→ TASK ITEM: Find the word "mphi" in the material below and gather every line that contains it.

→ RECORD SET:

(* Let $(X,d_X,\mu_X)$ be a compact metric measure space and let $\phi_i$ be an $L^2$-normalized eigenfunction of the distance kernel operator $D^X$ with eigenvalue $\lambda_i$. Then the function $\lambda_i\phi_i$ ($=D^X\phi_i$) is $\sqrt{\operatorname{Vol}(X)}$-Lipschitz. Hence, if $\lambda_i\neq0$, $\phi_i$ is $\big(\sqrt{\operatorname{Vol}(X)}/|\lambda_i|\big)$-Lipschitz.
   Context: A metric measure space carries a Radon Borel measure; $\operatorname{Vol}(X)=\mu_X(X)$. The distance kernel operator is $(D^Xf)(x)=\int_X f(y)d_X(x,y)\,d\mu_X(y)$ on $L^2(X,\mu_X)$. *)

From HB Require Import structures.
From mathcomp Require Import all_boot all_order all_algebra.
From mathcomp Require Import all_classical all_reals all_analysis.
Set Implicit Arguments. Unset Strict Implicit. Unset Printing Implicit Defensive.
Import Order.TTheory GRing.Theory Num.Theory.
Local Open Scope classical_set_scope.
Local Open Scope ring_scope.

Section MetricMeasure.
Context {R : realType} {d : measure_display} {T : measurableType d}.

Definition is_metric (dX : T -> T -> R) : Prop :=
  [/\ forall x y, 0 <= dX x y,
      forall x y, dX x y = 0 <-> x = y,
      forall x y, dX x y = dX y x &
      forall x y z, dX x z <= dX x y + dX y z].

Definition dball (dX : T -> T -> R) (x : T) (r : R) : set T :=
  [set y | dX x y < r].

Definition dopen (dX : T -> T -> R) (A : set T) : Prop :=
  forall x, A x -> exists2 r : R, 0 < r & dball dX x r `<=` A.

Definition dcompact (dX : T -> T -> R) (K : set T) : Prop :=
  forall (I : Type) (U : I -> set T),
    (forall i, dopen dX (U i)) -> K `<=` \bigcup_i U i ->
    exists2 F : set I, finite_set F & K `<=` \bigcup_(i in F) U i.

Definition borel_for (dX : T -> T -> R) : Prop :=
  (@measurable d T) = <<s dopen dX >>.

Definition radon (dX : T -> T -> R) (mu : {measure set T -> \bar R}) : Prop :=
  (forall x, exists2 r : R, 0 < r & (mu (dball dX x r) < +oo)%E) /\
  (forall A, measurable A ->
     mu A = ereal_sup [set mu K | K in [set K | dcompact dX K /\ K `<=` A]]).

Definition compact_mm_space (dX : T -> T -> R) (mu : {measure set T -> \bar R})
  : Prop :=
  [/\ is_metric dX, borel_for dX, dcompact dX setT & radon dX mu].

Definition Vol (mu : {measure set T -> \bar R}) : \bar R := mu setT.

Definition distop (dX : T -> T -> R) (mu : {measure set T -> \bar R})
  (f : T -> R) (x : T) : R :=
  Rintegral mu setT (fun y => f y * dX x y).

Definition L2_normalized (mu : {measure set T -> \bar R}) (f : T -> R) : Prop :=
  measurable_fun setT f /\ (\int[mu]_x ((f x) ^+ 2)%:E = 1)%E.

(* f is an eigenfunction of D^X with eigenvalue lam (equality in L^2, i.e. a.e.) *)
Definition is_eigenfunction (dX : T -> T -> R) (mu : {measure set T -> \bar R})
  (lam : R) (f : T -> R) : Prop :=
  {ae mu, forall x, distop dX mu f x = lam * f x}.

Definition lipschitz_with (dX : T -> T -> R) (L : R) (f : T -> R) : Prop :=
  forall x y, `|f x - f y| <= L * dX x y.

End MetricMeasure.

(* For the distance kernel operator D,
     D f x - D f y = \int f z (d(x,z) - d(y,z)) dmu(z)
   and |d(x,z) - d(y,z)| <= d(x,y), so D f is Lipschitz with constant ||f||_1;
   by Cauchy-Schwarz against the constant 1, ||f||_1 <= sqrt(Vol X) ||f||_2,
   which is sqrt(Vol X) for normalized f.  Compactness makes the Radon measure
   finite and the metric bounded, so every integral involved is finite.  An
   eigenfunction is only determined a.e., so for lam != 0 the Lipschitz
   representative of phi is D phi / lam. *)

From mathcomp Require Import all_boot all_order all_algebra.
From mathcomp Require Import all_classical all_reals all_analysis.
From mathcomp Require Import measurable_realfun.
Set Implicit Arguments. Unset Strict Implicit. Unset Printing Implicit Defensive.
Import Order.TTheory GRing.Theory Num.Theory.
Local Open Scope classical_set_scope.
Local Open Scope ring_scope.

Section CauchySchwarz.
Context {R : realType} {d : measure_display} {T : measurableType d}.
Variable mu : {measure set T -> \bar R}.
Local Open Scope ereal_scope.

Lemma Lnorm2_sqrte (f : T -> R) :
  'N[mu]_2%:E[EFin \o f] = sqrte (\int[mu]_x (f x ^+ 2)%:E).
Proof.
rewrite unlock /=.
under eq_integral do rewrite powR_mulrn // real_normK ?num_real //.
by rewrite poweR12_sqrt //; apply: integral_ge0 => x _; rewrite lee_fin sqr_ge0.
Qed.

Lemma integral_abs_le_sqrte (f : T -> R) : measurable_fun setT f ->
  \int[mu]_x `|f x|%:E <= sqrte (mu setT) * sqrte (\int[mu]_x (f x ^+ 2)%:E).
Proof.
move=> mf.
have := @hoelder _ _ _ mu f (cst 1%R) 2 2 mf (measurable_cst _).
rewrite Lnorm1 Lnorm2_sqrte Lnorm_cst1 poweR12_sqrt // muleC.
under eq_integral do rewrite /= mulr1.
by apply=> //; rewrite [RHS](splitr 1) div1r.
Qed.

End CauchySchwarz.

Section MetricMeasureSpace.
Context {R : realType} {d : measure_display} {T : measurableType d}.
Variable dX : T -> T -> R.
Hypothesis dX_metric : is_metric dX.

Lemma lipschitz_with_le L L' (f : T -> R) :
  L <= L' -> lipschitz_with dX L f -> lipschitz_with dX L' f.
Proof.
have [dX_ge0 _ _ _] := dX_metric.
by move=> LL' fL x y; rewrite (le_trans (fL x y)) // ler_wpM2r.
Qed.

Lemma lipschitz_withMr L a (f : T -> R) :
  lipschitz_with dX L f -> lipschitz_with dX (L * `|a|) (fun x => f x * a).
Proof. by move=> fL x y; rewrite -mulrBl normrM mulrAC ler_wpM2r. Qed.

Lemma dist_lipschitz z : lipschitz_with dX 1 (dX^~ z).
Proof.
have [_ _ dXC dX_triangle] := dX_metric.
move=> x y; rewrite mul1r ler_distl lerBlDr.
by rewrite addrC [dX x y]dXC (dX_triangle y x z) addrC (dXC y x) dX_triangle.
Qed.

Lemma dopen_dball x r : dopen dX (dball dX x r).
Proof.
have [_ _ _ dX_triangle] := dX_metric.
move=> y xy; exists (r - dX x y); first by rewrite subr_gt0.
by move=> z yz; rewrite /dball /= (le_lt_trans (dX_triangle x y z)) // -ltrBrDl.
Qed.

Lemma dcompact_dist_bounded x : dcompact dX setT ->
  exists B, forall z, dX x z <= B.
Proof.
have [dX_ge0 _ _ _] := dX_metric.
move=> cpt; have [F Ffin cov] : exists2 F : set nat, finite_set F &
    setT `<=` \bigcup_(n in F) dball dX x n%:R.
  apply: cpt => [n|z _]; first exact: dopen_dball.
  by exists (Num.bound (dX x z)) => //; apply: archi_boundP.
exists (\max_(n <- finmap.enum_fset (fset_set F)) n)%:R => z.
have [n Fn xz] := cov z I; rewrite ltW // (lt_le_trans xz) // ler_nat.
by apply: leq_bigmax_seq => //; rewrite in_fset_set // inE.
Qed.

Hypothesis dX_borel : borel_for dX.

Lemma measurable_dball x r : measurable (dball dX x r).
Proof. by rewrite dX_borel; apply: sub_sigma_algebra; apply: dopen_dball. Qed.

Lemma measurable_dist x : measurable_fun setT (dX x).
Proof.
apply: (measurability _ (RGenInftyO.measurableE R)).
move=> _ [_ [r ->] <-]; rewrite setTI.
have -> : dX x @^-1` `]-oo, r[%classic = dball dX x r.
  by apply/seteqP; split => z; rewrite /= in_itv.
exact: measurable_dball.
Qed.

Variable mu : {measure set T -> \bar R}.

Lemma radon_compact_fin_num : dcompact dX setT -> radon dX mu ->
  mu setT \is a fin_num.
Proof.
have [_ dX_eq0 _ _] := dX_metric.
move=> cpt [locfin _].
have /choice [r rP] : forall x, exists r, 0 < r /\ (mu (dball dX x r) < +oo)%E.
  by move=> x; have [r r0 finr] := locfin x; exists r.
have [F Ffin cov] : exists2 F : set T, finite_set F &
    setT `<=` \bigcup_(x in F) dball dX x (r x).
  apply: cpt => [x|x _]; first exact: dopen_dball.
  by exists x => //; rewrite /dball /= (proj2 (dX_eq0 x x)) //; case: (rP x).
rewrite ge0_fin_numE ?measure_ge0 //.
apply: le_lt_trans (content_sub_fsum mu Ffin _ _ cov) _ => //.
  by move=> x _; apply: measurable_dball.
by rewrite fsbig_finite //; apply: lte_sum_pinfty => x _; case: (rP x).
Qed.

Hypothesis dX_compact : dcompact dX setT.

Lemma integrable_mul_dist x (f : T -> R) : mu.-integrable setT (EFin \o f) ->
  mu.-integrable setT (EFin \o (fun z => f z * dX x z)).
Proof.
have [dX_ge0 _ _ _] := dX_metric.
move=> fint; have [B dXB] := dcompact_dist_bounded x dX_compact.
rewrite (_ : EFin \o _ = ((EFin \o f) \* (EFin \o dX x))%E); last first.
  by apply: funext => z /=; rewrite EFinM.
apply: integrableMl => //; first exact: measurable_dist.
exists B; split=> [|M BM z _]; first exact: num_real.
by rewrite /= ger0_norm // ltW // (le_lt_trans (dXB z)).
Qed.

Lemma distop_lipschitz (f : T -> R) : mu.-integrable setT (EFin \o f) ->
  lipschitz_with dX (\int[mu]_z `|f z|) (distop dX mu f).
Proof.
have [dX_ge0 _ _ _] := dX_metric.
move=> fint x y.
have fxint := integrable_mul_dist x fint.
have fyint := integrable_mul_dist y fint.
rewrite /distop -RintegralB //.
have gint := integrableB measurableT fxint fyint.
rewrite (le_trans (le_normr_Rintegral _ gint)) //.
have absfint := integrable_norm fint.
rewrite mulrC -RintegralZl //; apply: le_Rintegral => //.
- exact: integrable_norm gint.
- rewrite (_ : EFin \o _ =
      (fun z => (dX x y)%:E * (EFin \o (Num.norm \o f)) z)%E).
    exact: integrableZl absfint.
  by apply: funext => z /=; rewrite EFinM.
move=> z _; rewrite -mulrBr normrM mulrC ler_wpM2r //.
by rewrite -[dX x y]mul1r; apply: dist_lipschitz.
Qed.

End MetricMeasureSpace.

Theorem lemma3p2 (R : realType) (d : measure_display) (T : measurableType d)
  (dX : T -> T -> R) (mu : {measure set T -> \bar R})
  (phi : T -> R) (lam : R) :
  compact_mm_space dX mu ->
  L2_normalized mu phi ->
  is_eigenfunction dX mu lam phi ->
  lipschitz_with dX (Num.sqrt (fine (Vol mu))) (distop dX mu phi) /\
  (lam != 0 ->
   exists psi : T -> R,
     {ae mu, forall x, psi x = phi x} /\
     lipschitz_with dX (Num.sqrt (fine (Vol mu)) / `|lam|) psi).
Proof.
move=> [dX_metric dX_borel dX_compact dX_radon] [mphi phi_normed] eig.
have muT_fin := radon_compact_fin_num dX_metric dX_borel dX_compact dX_radon.
have muTE : mu setT = (fine (Vol mu))%:E by rewrite fineK.
have abs_phi : (\int[mu]_x `|phi x|%:E <= (Num.sqrt (fine (Vol mu)))%:E)%E.
  have := integral_abs_le_sqrte mu mphi.
  by rewrite phi_normed muTE /= sqrtr1 mule1.
have phi_int : mu.-integrable setT (EFin \o phi).
  apply/integrableP; split; first exact/measurable_EFinP.
  exact: le_lt_trans abs_phi (ltry _).
have D_lip : lipschitz_with dX (Num.sqrt (fine (Vol mu))) (distop dX mu phi).
  have := distop_lipschitz dX_metric dX_borel dX_compact phi_int.
  apply: lipschitz_with_le => //.
  rewrite -lee_fin /Rintegral fineK // ge0_fin_numE ?integral_ge0 //.
  exact: le_lt_trans abs_phi (ltry _).
split=> // lam_neq0.
exists (fun x => distop dX mu phi x / lam); split.
  by apply: filterS eig => x ->; rewrite mulrAC divff // mul1r.
by rewrite -normfV; apply: lipschitz_withMr.
Qed.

→ YOUR SOLUTION:
move=> [dX_metric dX_borel dX_compact dX_radon] [mphi phi_normed] eig.
  have := integral_abs_le_sqrte mu mphi.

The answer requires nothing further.